Lemma tri_nat_diff_nonneg (a b : nat) : 0 <= tri (INR a - INR b).
Proof.
  apply tri_nonneg; destruct (le_lt_dec b a) as [Hba | Hab].
  - left; apply le_INR in Hba; lra.
  - right; apply le_INR in Hab; rewrite S_INR in Hab; lra.
Qed.

Lemma tri_le (w w' : R) : -1/2 <= w <= w' -> tri w <= tri w'.
Proof. unfold tri; intros Hw; nra. Qed.

Definition objective (d s r zeta : R) : R :=
  tri (d + 2 * s + 1) + tri (2 * r - d) - tri (- d) - 2 * d * zeta.

Lemma quadratic_objective (N : nat) (d s r zeta : (nat -> R) -> R) :
  affine N d -> affine N s -> affine N r -> affine N zeta ->
  quadratic N (fun z => objective (d z) (s z) (r z) (zeta z)).
Proof.
  intros Hd Hs Hr Hzeta.
  apply (quadratic_ext N (fun z =>
      (/2 * (d z + 2 * s z + 1)) * (d z + 2 * s z + 1 + 1)
    + (/2 * (2 * r z + -1 * d z)) * (2 * r z + -1 * d z + 1)
    + (/2 * d z) * (1 + -1 * d z)
    + (-2 * d z) * zeta z)).
  - repeat apply quadratic_add; apply quadratic_mul_affine;
      repeat first [assumption | apply affine_add | apply affine_scal | apply affine_const].
  - intros z; unfold objective, tri; field.
Qed.

Lemma objective_lower_bound (k t s r : nat) (zeta : R) :
  0 <= zeta <= 1 ->
  (if (t <=? k)%nat then 1 else 0) <= objective (INR k - INR t) (INR s) (INR r) zeta.
Proof.
  intros Hzeta; unfold objective.
  pose proof (pos_INR s); pose proof (pos_INR r).
  destruct (Nat.leb_spec t k) as [Htk | Hkt].
  - apply le_INR in Htk.
    assert (Hleft : tri (INR k - INR t + 1) <= tri (INR k - INR t + 2 * INR s + 1))
      by (apply tri_le; lra).
    assert (Hright : 0 <= tri (2 * INR r - (INR k - INR t))).
    { replace (2 * INR r - (INR k - INR t)) with (INR (2 * r + t) - INR k)
        by (rewrite plus_INR, mult_INR; simpl; ring).
      apply tri_nat_diff_nonneg. }
    assert (Hstep : tri (INR k - INR t + 1) - tri (- (INR k - INR t)) = 2 * (INR k - INR t) + 1)
      by (unfold tri; field).
    assert (Hzeta_term : (INR k - INR t) * zeta <= INR k - INR t) by nra.
    lra.
  - apply le_INR in Hkt; rewrite S_INR in Hkt.
    assert (Hleft : 0 <= tri (INR k - INR t + 2 * INR s + 1)).
    { replace (INR k - INR t + 2 * INR s + 1) with (INR (k + 2 * s + 1) - INR t)
        by (rewrite !plus_INR, mult_INR; simpl; ring).
      apply tri_nat_diff_nonneg. }
    assert (Hright : tri (- (INR k - INR t)) <= tri (2 * INR r - (INR k - INR t)))
      by (apply tri_le; lra).
    assert (Hzeta_term : (INR k - INR t) * zeta <= 0) by nra.
    lra.
Qed.

Lemma objective_attained (k t : nat) :
  exists (s r : nat) (zeta : bool),
    (2 * s <= t - 1)%nat /\ (2 * r <= k - t)%nat /\
    objective (INR k - INR t) (INR s) (INR r) (b2R zeta) = (if (t <=? k)%nat then 1 else 0).
Proof.
  destruct (Nat.leb_spec t k) as [Htk | Hkt].
  - destruct (half_split (k - t)) as [Hsplit Hrem].
    exists 0%nat, ((k - t) / 2)%nat, true; split; [lia | split; [lia |]].
    assert (Hk : k = (t + 2 * ((k - t) / 2) + (k - t) mod 2)%nat) by lia.
    rewrite Hk at 1; rewrite !plus_INR, mult_INR.
    destruct ((k - t) mod 2)%nat as [|[|e]]; [| | lia]; unfold objective, tri; simpl; field.
  - destruct (half_split (t - 1 - k)) as [Hsplit Hrem].
    exists ((t - 1 - k) / 2)%nat, 0%nat, false; split; [lia | split; [lia |]].
    assert (Ht : t = (k + 2 * ((t - 1 - k) / 2) + (t - 1 - k) mod 2 + 1)%nat) by lia.
    rewrite Ht at 1; rewrite !plus_INR, mult_INR.
    destruct ((t - 1 - k) mod 2)%nat as [|[|e]]; [| | lia]; unfold objective, tri; simpl; field.
Qed.

Definition threshold_gadget (n ls lr t : nat) (z : nat -> R) : R :=
  objective (block_sum 0 n z - INR t) (block_sum n ls z) (block_sum (n + ls) lr z)
    (z (n + ls + lr)%nat).

Lemma quadratic_threshold_gadget (n m ls lr t : nat) :
  (ls + lr + 1 <= m)%nat -> quadratic (n + m) (threshold_gadget n ls lr t).
Proof.
  intros Hlayout; apply quadratic_objective.
  - apply affine_add; [apply affine_block_sum; lia | apply affine_const].
  - apply affine_block_sum; lia.
  - apply affine_block_sum; lia.
  - apply affine_var; lia.
Qed.

Lemma threshold_gadget_joinvars (n ls lr t : nat) (x y : nat -> bool) :
  threshold_gadget n ls lr t (joinvars n x y) =
  objective (INR (count_ones n x) - INR t) (block_sum 0 ls (fun j => b2R (y j)))
    (block_sum ls lr (fun j => b2R (y j))) (b2R (y (ls + lr)%nat)).
Proof.
  unfold threshold_gadget; f_equal.
  - rewrite block_sum_joinvars_low; reflexivity.
  - rewrite <- (block_sum_joinvars_high n 0 ls x y), Nat.add_0_r; reflexivity.
  - apply block_sum_joinvars_high.
  - rewrite <- Nat.add_assoc; apply joinvars_high.
Qed.

Definition aux_assignment (ls lr s r : nat) (zeta : bool) (j : nat) : bool :=
  if (j <? ls)%nat then (j <? s)%nat
  else if (j <? ls + lr)%nat then (j - ls <? r)%nat
  else zeta.

Lemma aux_assignment_blocks (ls lr s r : nat) (zeta : bool) :
  (s <= ls)%nat -> (r <= lr)%nat ->
  let yb := fun j => b2R (aux_assignment ls lr s r zeta j) in
  block_sum 0 ls yb = INR s /\ block_sum ls lr yb = INR r /\ yb (ls + lr)%nat = b2R zeta.
Proof.
  intros Hs Hr yb; unfold yb, aux_assignment; repeat split.
  - apply block_sum_prefix; [exact Hs | intros k Hk].
    destruct (Nat.ltb_spec (0 + k) ls), (Nat.ltb_spec (0 + k) s), (Nat.ltb_spec k s);
      simpl; reflexivity || lia.
  - apply block_sum_prefix; [exact Hr | intros k Hk].
    replace (ls + k - ls)%nat with k by lia.
    destruct (Nat.ltb_spec (ls + k) ls), (Nat.ltb_spec (ls + k) (ls + lr)), (Nat.ltb_spec k r);
      simpl; reflexivity || lia.
  - destruct (Nat.ltb_spec (ls + lr) ls), (Nat.ltb_spec (ls + lr) (ls + lr)); [lia.. | reflexivity].
Qed.

Lemma count_ones_le (n : nat) (x : nat -> bool) : (count_ones n x <= n)%nat.
Proof. induction n as [|n IH]; simpl; [lia | destruct (x n); lia]. Qed.

Theorem corollary3 (t n : nat) (Ht : (1 <= t)%nat) (Htn : (t <= n)%nat) :
  has_quadratization n ((n + 1) / 2)%nat (t_out_of_n t n).
Proof.
  set (ls := ((t - 1) / 2)%nat); set (lr := ((n - t) / 2)%nat).
  assert (Hlayout : (ls + lr + 1 <= (n + 1) / 2)%nat).
  { destruct (half_split (t - 1)), (half_split (n - t)), (half_split (n + 1)).
    unfold ls, lr; lia. }
  destruct (quadratic_threshold_gadget n _ ls lr t Hlayout) as [p Hp].
  exists p; intros x; unfold geval, t_out_of_n; split.
  - intros y; rewrite Hp, threshold_gadget_joinvars, !block_sum_b2R.
    apply objective_lower_bound, b2R_bounds.
  - destruct (objective_attained (count_ones n x) t) as (s & r & zeta & Hs & Hr & Hval).
    pose proof (count_ones_le n x).
    destruct (aux_assignment_blocks ls lr s r zeta) as (HL & HR & Hzeta).
    + apply Nat.div_le_lower_bound; lia.
    + apply Nat.div_le_lower_bound; lia.
    + exists (aux_assignment ls lr s r zeta).
      rewrite Hp, threshold_gadget_joinvars, HL, HR, Hzeta; exact Hval.
Qed.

§

- **Directions**
The response should be the listing above, limited to the lines between the one holding "Lemma objective_lower_bound (k" and the one holding "1) - INR t)", inclusive, reproduced exactly.

- **Result for this task**
Lemma objective_lower_bound (k t s r : nat) (zeta : R) :
  0 <= zeta <= 1 ->
  (if (t <=? k)%nat then 1 else 0) <= objective (INR k - INR t) (INR s) (INR r) zeta.
Proof.
  intros Hzeta; unfold objective.
  pose proof (pos_INR s); pose proof (pos_INR r).
  destruct (Nat.leb_spec t k) as [Htk | Hkt].
  - apply le_INR in Htk.
    assert (Hleft : tri (INR k - INR t + 1) <= tri (INR k - INR t + 2 * INR s + 1))
      by (apply tri_le; lra).
    assert (Hright : 0 <= tri (2 * INR r - (INR k - INR t))).
    { replace (2 * INR r - (INR k - INR t)) with (INR (2 * r + t) - INR k)
        by (rewrite plus_INR, mult_INR; simpl; ring).
      apply tri_nat_diff_nonneg. }
    assert (Hstep : tri (INR k - INR t + 1) - tri (- (INR k - INR t)) = 2 * (INR k - INR t) + 1)
      by (unfold tri; field).
    assert (Hzeta_term : (INR k - INR t) * zeta <= INR k - INR t) by nra.
    lra.
  - apply le_INR in Hkt; rewrite S_INR in Hkt.
    assert (Hleft : 0 <= tri (INR k - INR t + 2 * INR s + 1)).
    { replace (INR k - INR t + 2 * INR s + 1) with (INR (k + 2 * s + 1) - INR t)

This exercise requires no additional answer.